Lemma leg_a_fat_part nu T :
  geodesic_triangle d T ->
  gap T LA <= 2 * leg_a d T /\
  forall s, 0 <= s <= leg_a d T -> nu <= gap T LA - 2 * s ->
    fat_part d nu T (sab T (leg_a d T - s)) /\ fat_part d nu T (sca T (leg_c d T + s)).
Proof.
  intros HT. destruct (leg_a_gap T HT) as [Hdist Hgap]. split; [exact Hgap|].
  intros s Hs Hnu. destruct (leg_a_fiber_points T s Hs) as [F1 F2].
  apply (fat_of_pair _ _ _ _ _ F1 F2). pose proof (Hdist s Hs). lra.
Qed.

Lemma leg_a_fiber_diam T s :
  geodesic_triangle d T -> diam_le d (fiber d T (OnLeg LA s)) (gap T LA).
Proof.
  intros HT x y Hx Hy.
  destruct (leg_a_fiber_inv T s x Hx) as [Hs [-> | ->]];
  destruct (leg_a_fiber_inv T s y Hy) as [_ [-> | ->]];
  pose proof (proj1 (leg_a_gap T HT) s ltac:(lra)) as Hd;
  pose proof (dist_nonneg (sab T (leg_a d T - s)) (sca T (leg_c d T + s)));
  rewrite ?dist_refl, ?(dist_sym (sca _ _)); lra.
Qed.

Definition rot (T : @gtriangle M) : @gtriangle M :=
  Tri (vb T) (vc T) (va T) (sbc T) (sca T) (sab T).

Definition rot_leg (l : leg) : leg := match l with LA => LB | LB => LC | LC => LA end.
Definition rot_side (sd : side) : side :=
  match sd with SAB => SBC | SBC => SCA | SCA => SAB end.
Definition rot_tp (p : tripod) : tripod :=
  match p with Center => Center | OnLeg l s => OnLeg (rot_leg l) s end.

Lemma rot_leg_inj l l' : rot_leg l = rot_leg l' -> l = l'.
Proof. destruct l, l'; cbn; congruence. Qed.

Lemma rot_tp_inj p q : rot_tp p = rot_tp q -> p = q.
Proof.
  destruct p, q; cbn; try discriminate; [reflexivity|].
  intros H; injection H as Hl ->. now rewrite (rot_leg_inj _ _ Hl).
Qed.

Lemma rot_tp_surj q : exists p, rot_tp p = q.
Proof.
  destruct q as [|[] s]; [exists Center | exists (OnLeg LC s) | exists (OnLeg LA s)
                          | exists (OnLeg LB s)]; reflexivity.
Qed.

Lemma rot_side_surj sd' : exists sd, rot_side sd = sd'.
Proof. destruct sd'; [exists SCA | exists SAB | exists SBC]; reflexivity. Qed.

Lemma rot_tp_mk l s : rot_tp (mk_tp l s) = mk_tp (rot_leg l) s.
Proof. unfold mk_tp. now destruct (Rle_dec s 0). Qed.

Lemma leg_rot T :
  leg_a d (rot T) = leg_b d T /\ leg_b d (rot T) = leg_c d T /\
  leg_c d (rot T) = leg_a d T.
Proof.
  unfold leg_a, leg_b, leg_c; cbn.
  rewrite (dist_sym (vc T) (va T)), (dist_sym (vb T) (va T)). repeat split; lra.
Qed.

Lemma side_len_rot T sd : side_len d (rot T) sd = side_len d T (rot_side sd).
Proof. now destruct sd. Qed.

Lemma side_map_rot T sd : side_map (rot T) sd = side_map T (rot_side sd).
Proof. now destruct sd. Qed.

Lemma pi_rot T sd t : pi d T (rot_side sd) t = rot_tp (pi d (rot T) sd t).
Proof.
  destruct (leg_rot T) as [Ea [Eb Ec]].
  destruct sd; unfold pi, rot_side; rewrite ?Ea, ?Eb, ?Ec;
  destruct (Rle_dec _ _); now rewrite rot_tp_mk.
Qed.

__What the task asks__.
Each line of the listing should be copied exactly.

__Exercise response__.
Lemma leg_a_fat_part nu T :
  geodesic_triangle d T ->
  gap T LA <= 2 * leg_a d T /\
  forall s, 0 <= s <= leg_a d T -> nu <= gap T LA - 2 * s ->
    fat_part d nu T (sab T (leg_a d T - s)) /\ fat_part d nu T (sca T (leg_c d T + s)).
Proof.
  intros HT. destruct (leg_a_gap T HT) as [Hdist Hgap]. split; [exact Hgap|].
  intros s Hs Hnu. destruct (leg_a_fiber_points T s Hs) as [F1 F2].
  apply (fat_of_pair _ _ _ _ _ F1 F2). pose proof (Hdist s Hs). lra.
Qed.

Lemma leg_a_fiber_diam T s :
  geodesic_triangle d T -> diam_le d (fiber d T (OnLeg LA s)) (gap T LA).
Proof.
  intros HT x y Hx Hy.
  destruct (leg_a_fiber_inv T s x Hx) as [Hs [-> | ->]];
  destruct (leg_a_fiber_inv T s y Hy) as [_ [-> | ->]];
  pose proof (proj1 (leg_a_gap T HT) s ltac:(lra)) as Hd;
  pose proof (dist_nonneg (sab T (leg_a d T - s)) (sca T (leg_c d T + s)));
  rewrite ?dist_refl, ?(dist_sym (sca _ _)); lra.
Qed.

Definition rot (T : @gtriangle M) : @gtriangle M :=
  Tri (vb T) (vc T) (va T) (sbc T) (sca T) (sab T).

Definition rot_leg (l : leg) : leg := match l with LA => LB | LB => LC | LC => LA end.
Definition rot_side (sd : side) : side :=
  match sd with SAB => SBC | SBC => SCA | SCA => SAB end.
Definition rot_tp (p : tripod) : tripod :=
  match p with Center => Center | OnLeg l s => OnLeg (rot_leg l) s end.

Lemma rot_leg_inj l l' : rot_leg l = rot_leg l' -> l = l'.
Proof. destruct l, l'; cbn; congruence. Qed.

Lemma rot_tp_inj p q : rot_tp p = rot_tp q -> p = q.
Proof.
  destruct p, q; cbn; try discriminate; [reflexivity|].
  intros H; injection H as Hl ->. now rewrite (rot_leg_inj _ _ Hl).
Qed.

Lemma rot_tp_surj q : exists p, rot_tp p = q.
Proof.
  destruct q as [|[] s]; [exists Center | exists (OnLeg LC s) | exists (OnLeg LA s)
                          | exists (OnLeg LB s)]; reflexivity.
Qed.

Lemma rot_side_surj sd' : exists sd, rot_side sd = sd'.
Proof. destruct sd'; [exists SCA | exists SAB | exists SBC]; reflexivity. Qed.

Lemma rot_tp_mk l s : rot_tp (mk_tp l s) = mk_tp (rot_leg l) s.
Proof. unfold mk_tp. now destruct (Rle_dec s 0). Qed.

Lemma leg_rot T :
  leg_a d (rot T) = leg_b d T /\ leg_b d (rot T) = leg_c d T /\
  leg_c d (rot T) = leg_a d T.
Proof.
  unfold leg_a, leg_b, leg_c; cbn.
  rewrite (dist_sym (vc T) (va T)), (dist_sym (vb T) (va T)). repeat split; lra.
Qed.

Lemma side_len_rot T sd : side_len d (rot T) sd = side_len d T (rot_side sd).
Proof. now destruct sd. Qed.

Lemma side_map_rot T sd : side_map (rot T) sd = side_map T (rot_side sd).
Proof. now destruct sd. Qed.

Lemma pi_rot T sd t : pi d T (rot_side sd) t = rot_tp (pi d (rot T) sd t).
Proof.
  destruct (leg_rot T) as [Ea [Eb Ec]].
  destruct sd; unfold pi, rot_side; rewrite ?Ea, ?Eb, ?Ec;
  destruct (Rle_dec _ _); now rewrite rot_tp_mk.
Qed.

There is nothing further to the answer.